By way of example, and not limitation, such computer-readable media
can include RAM, ROM, EEPROM, CD-ROM or other optical disk storage,
magnetic disk storage or other magnetic storage devices, flash
memory, or any other medium that can be used to carry or store
desired program code means in the form of computer-executable
instructions or data structures and that can be accessed by a
general purpose or special purpose computer, such as computer 30.
When information is transferred or provided over a network or
another communications connection (either hardwired, wireless, or a
combination of hardwired or wireless) to computer 30 or some other
hardware device, computer 30 or the hardware device properly views
the connection as a computer-readable medium. Thus, any such
connection is properly termed a computer-readable medium.

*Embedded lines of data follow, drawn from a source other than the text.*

(* Consider the excludable public good problem with $n$ players. Let $H:2^N\to\mathbb{R}_{\ge0}\cup\{\infty\}$ be normalized, monotone and symmetric, and let $\mathcal A$ be the VCG-based mechanism with function $H$. Suppose $\mathcal A$ always covers the incurred cost and is a $\rho$-approximation to the social cost for some $\rho<\frac{n^{(1-\delta)/2}}{4}$, where $0<\delta<1$ is a constant (assume $n^{1-\delta}$ and $n^{(1-\delta)/2}$ are integers). Then there is a valuation profile on which $\mathcal A$ serves a nonempty set (so the incurred cost is $1$), the sum of payments is at least $\frac{1-\delta}{2}\ln n-1$, and $\pi(ALG)\ge(\delta\ln n-1)\cdot\pi(OPT)$.
   Context: Excludable public good problem: players $N=\{1,\dots,n\}$, each player $i$ has a private value $v_i\ge0$ for being served; an outcome is a set $S\subseteq N$ of served players; the cost is $C(S)=1$ for $S\ne\emptyset$ and $C(\emptyset)=0$. $H$ is normalized if $H(\emptyset)=0$, monotone if $S\subseteq T\Rightarrow H(S)\le H(T)$, symmetric if $H(S)=H(T)$ whenever $|S|=|T|$. The VCG-based mechanism with $H$ outputs $ALG\in\arg\max_{S\subseteq N}\sum_{i\in S}v_i-H(S)$ (some tie-breaking), for each $i$ computes $ALG^{-i}\in\arg\max_{S\subseteq N\setminus\{i\}}\sum_{j\in S}v_j-H(S)$, and charges $p_i=\left[\sum_{j\in ALG^{-i}}v_j-H(ALG^{-i})\right]-\left[\sum_{j\in ALG\setminus\{i\}}v_j-H(ALG)\right]$. It always covers the cost if $\sum_ip_i\ge C(ALG)$ for every profile. Social cost: $\pi(S)=C(S)+\sum_{i\notin S}v_i$; $OPT$ minimizes $\pi$; a $\rho$-approximation means $\pi(ALG)\le\rho\,\pi(OPT)$ on every profile. $\ln$ is the natural logarithm. *)

From Stdlib Require Import Reals.
From mathcomp Require Import all_boot.
Set Implicit Arguments. Unset Strict Implicit. Unset Printing Implicit Defensive.

Local Open Scope R_scope.

Definition sumv (n : nat) (v : 'I_n -> R) (S : {set 'I_n}) : R :=
  \big[Rplus/0]_(i in S) v i.

Definition nonneg_profile (n : nat) (v : 'I_n -> R) : Prop :=
  forall i, 0 <= v i.

(* Extended nonnegative reals R>=0 ∪ {∞}: Some x = x, None = ∞. *)
Definition xR := option R.

Definition xle (a b : xR) : Prop :=
  match a, b with
  | Some x, Some y => x <= y
  | _, None => True
  | None, Some _ => False
  end.

Definition H_nonneg (n : nat) (H : {set 'I_n} -> xR) : Prop :=
  forall (S : {set 'I_n}) (x : R), H S = Some x -> 0 <= x.
Definition H_normalized (n : nat) (H : {set 'I_n} -> xR) : Prop :=
  H set0 = Some 0.
Definition H_monotone (n : nat) (H : {set 'I_n} -> xR) : Prop :=
  forall S T : {set 'I_n}, S \subset T -> xle (H S) (H T).
Definition H_symmetric (n : nat) (H : {set 'I_n} -> xR) : Prop :=
  forall S T : {set 'I_n}, #|S| = #|T| -> H S = H T.

(* Real part of H (used only on sets where H is finite). *)
Definition Hval (n : nat) (H : {set 'I_n} -> xR) (S : {set 'I_n}) : R :=
  match H S with Some x => x | None => 0 end.

(* S maximizes  sum_{j in S} v_j - H(S)  over all subsets of D
   (sets with H = ∞ have objective -∞). *)
Definition is_argmax_in (n : nat) (H : {set 'I_n} -> xR) (v : 'I_n -> R)
    (D S : {set 'I_n}) : Prop :=
  S \subset D /\ (exists h, H S = Some h) /\
  forall (T : {set 'I_n}) (h : R), T \subset D -> H T = Some h -> sumv v T - h <= sumv v S - Hval H S.

(* A VCG-based mechanism with function H, with some (arbitrary, deterministic)
   tie-breaking: alg v = ALG, algm i v = ALG^{-i}. *)
Definition VCG_based (n : nat) (H : {set 'I_n} -> xR)
    (alg : ('I_n -> R) -> {set 'I_n})
    (algm : 'I_n -> ('I_n -> R) -> {set 'I_n}) : Prop :=
  forall v, nonneg_profile v ->
    is_argmax_in H v setT (alg v) /\
    forall i, is_argmax_in H v (setT :\ i) (algm i v).

Definition payment (n : nat) (H : {set 'I_n} -> xR)
    (alg : ('I_n -> R) -> {set 'I_n})
    (algm : 'I_n -> ('I_n -> R) -> {set 'I_n}) (v : 'I_n -> R) (i : 'I_n) : R :=
  (sumv v (algm i v) - Hval H (algm i v))
  - (sumv v (alg v :\ i) - Hval H (alg v)).

Definition total_payment (n : nat) (H : {set 'I_n} -> xR)
    (alg : ('I_n -> R) -> {set 'I_n})
    (algm : 'I_n -> ('I_n -> R) -> {set 'I_n}) (v : 'I_n -> R) : R :=
  \big[Rplus/0]_(i : 'I_n) payment H alg algm v i.

Definition cost (n : nat) (S : {set 'I_n}) : R :=
  if S == set0 then 0 else 1.

Definition social_cost (n : nat) (v : 'I_n -> R) (S : {set 'I_n}) : R :=
  cost S + sumv v (~: S).

Definition is_opt (n : nat) (v : 'I_n -> R) (S : {set 'I_n}) : Prop :=
  forall T : {set 'I_n}, social_cost v S <= social_cost v T.

Definition covers_cost (n : nat) (H : {set 'I_n} -> xR)
    (alg : ('I_n -> R) -> {set 'I_n})
    (algm : 'I_n -> ('I_n -> R) -> {set 'I_n}) : Prop :=
  forall v, nonneg_profile v -> total_payment H alg algm v >= cost (alg v).

Definition approx (n : nat) (alg : ('I_n -> R) -> {set 'I_n}) (rho : R) : Prop :=
  forall v, nonneg_profile v ->
    forall OPT : {set 'I_n}, is_opt v OPT -> social_cost v (alg v) <= rho * social_cost v OPT.

(* Write h(j) for the value of the symmetric function H on sets of j players.
   If H were infinite somewhere, a large constant profile would force the
   mechanism to serve everybody, so H is finite and rho >= 1.  Cost recovery on
   the profile that values exactly j players highly forces
   j (h(j) - h(j-1)) >= 1, hence h(a+b) - h(a) dominates the harmonic tail
   1/(a+1) + ... + 1/(a+b).  The approximation guarantee on a constant profile
   bounds h(r) <= 2 rho for r ~ n^(1-delta)/2, so the index k <= r minimising
   h(j)/j exceeds n^((1-delta)/2).  On the profile giving the first k players a
   little more than h(k)/k and the others a little less than the average term of
   the harmonic tail 1/(k+1) + ... + 1/n, the mechanism serves exactly the first
   k players: they pay about h(k) >= ln k, while the unserved players' values
   sum to about ln(n/k) >= delta ln n - ln 2, whereas the optimum costs at most 1. *)

From Pilot Require Import Defs.
From HB Require Import structures.
From Stdlib Require Import Reals Lra.
From mathcomp Require Import all_boot zify.

Set Implicit Arguments.
Unset Strict Implicit.
Unset Printing Implicit Defensive.

Local Open Scope R_scope.

Lemma INR_gt0 m : (0 < m)%N -> 0 < INR m.
Proof. by move=> m_gt0; apply: lt_0_INR; apply/ltP. Qed.

Lemma INR_pred m : (0 < m)%N -> INR m = INR m.-1 + 1.
Proof. by move=> m_gt0; rewrite -S_INR prednK. Qed.

Lemma INR_double m : INR (2 * m) = 2 * INR m.
Proof. by rewrite mult_INR /=; lra. Qed.

Lemma ln_le x y : 0 < x -> x <= y -> ln x <= ln y.
Proof. by move=> x_gt0 [/(ln_increasing _ _ x_gt0) | ->]; lra. Qed.

Lemma ln2_lt1 : ln 2 < 1.
Proof.
rewrite -[X in _ < X]ln_exp; apply: ln_increasing; first lra.
by have := exp_ineq1 1; lra.
Qed.

Lemma ln_succ_sub_le t : 0 < t -> ln (t + 1) - ln t <= / t.
Proof.
move=> t_gt0; have u_gt0 := Rinv_0_lt_compat _ t_gt0.
have -> : t + 1 = t * (1 + / t) by field; lra.
have : ln (1 + / t) <= / t.
  by rewrite -[X in _ <= X]ln_exp; apply: ln_le; [lra | exact: exp_ineq1_le].
by rewrite ln_mult; lra.
Qed.

Lemma Rmult_le_of_Rdiv_le a b c d : 0 < c -> 0 < d -> a / c <= b / d -> a * d <= b * c.
Proof.
move=> c_gt0 d_gt0 le_ab.
have cd_ge0 : 0 <= c * d by nra.
have := Rmult_le_compat_l _ _ _ cd_ge0 le_ab.
have -> : c * d * (a / c) = a * d by field; lra.
by have -> : c * d * (b / d) = b * c by field; lra.
Qed.

Lemma Rdiv_le_of_Rmult_le a b c d : 0 < c -> 0 < d -> a * d <= b * c -> a / c <= b / d.
Proof.
move=> c_gt0 d_gt0 le_ad; apply: (Rmult_le_reg_r (c * d)); first nra.
have -> : a / c * (c * d) = a * d by field; lra.
by have -> : b / d * (c * d) = b * c by field; lra.
Qed.

Lemma Rmult_div_le a c d e : 0 < d -> a * c <= d * e -> a * (c / d) <= e.
Proof.
move=> d_gt0 le_ac; apply: (Rmult_le_reg_l d) => //.
by have -> : d * (a * (c / d)) = a * c by field; lra.
Qed.

Lemma Rmult_le_of_unit c a b : 0 <= b <= 1 -> c <= a -> 0 <= a -> c * b <= a.
Proof. by move=> b_range c_le a_ge0; have [c_ge0|c_lt0] := Rle_lt_dec 0 c; nra. Qed.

Combinations of the above should also be included within the scope
of computer-readable media. Computer-executable instructions
include, for example, instructions and data that cause a general
purpose computer, special purpose computer, or special purpose
processing device to perform a certain function or group of
functions.
[0032] Generally, computer 30 controls the burn-in and life testing
of a plurality of laser diodes 34 supported by burn-in rack 14.
Software and/or hardware components and modules (not shown but
understood by one skilled in the art) of computer 30 control the
(i) operating time of laser diodes 34 supported by burn-in rack 14,
(ii) time when life testing of individual laser diodes 34 occurs,
(iii) operating procedures of one or more detectors 36 of detector
assembly 16, (iv) detecting of the output from laser diodes 34
and/or internal monitor photo-diodes of the packaged laser diode,
when applicable, and (v) storing the characterization data for each
laser diode 34. Computer 30, for example, can include associated
signal drivers and detectors appropriate for laser diodes 34 and
detectors 36. Additionally, computer 30 can control the testing of
each laser diode 34, such as by performing an L-I (light power
versus current) analysis using detectors 36 to detect light power
resulting from the delivery of a defined drive current to laser
diodes 34. Such L-I analysis can occur in a sequential or
non-sequential manner during the life testing.
[0033] To enable a user to view the results of the burn-in testing
and/or life testing, computer 30 can include a computer display,
such as a video display, liquid crystal display, or some other
display that visually depicts the results of testing. Additionally,
computer 30 can include virtual, volatile, and/or non-volatile
memory for storing the test results.
[0034] Efficiently performing the burn-in and life testing occurs
through use of burn-in rack 14 and detector assembly 16. The
burn-in rack 14, as shown in FIG. 2, includes rack base 40 that
supports one or more diode supports 42 and a circuit board 44. Rack
base 40 includes a handle 48 that aids with positioning burn-in
rack 14 within support structure 12 (FIG. 1). Various
configurations of handle 48 and/or rack base 40 can be used to
enable a user to position burn-in rack 14. For instance, rack base
40 can include an integral or removable handle or other structure
that a user grasps to position burn-in rack 14.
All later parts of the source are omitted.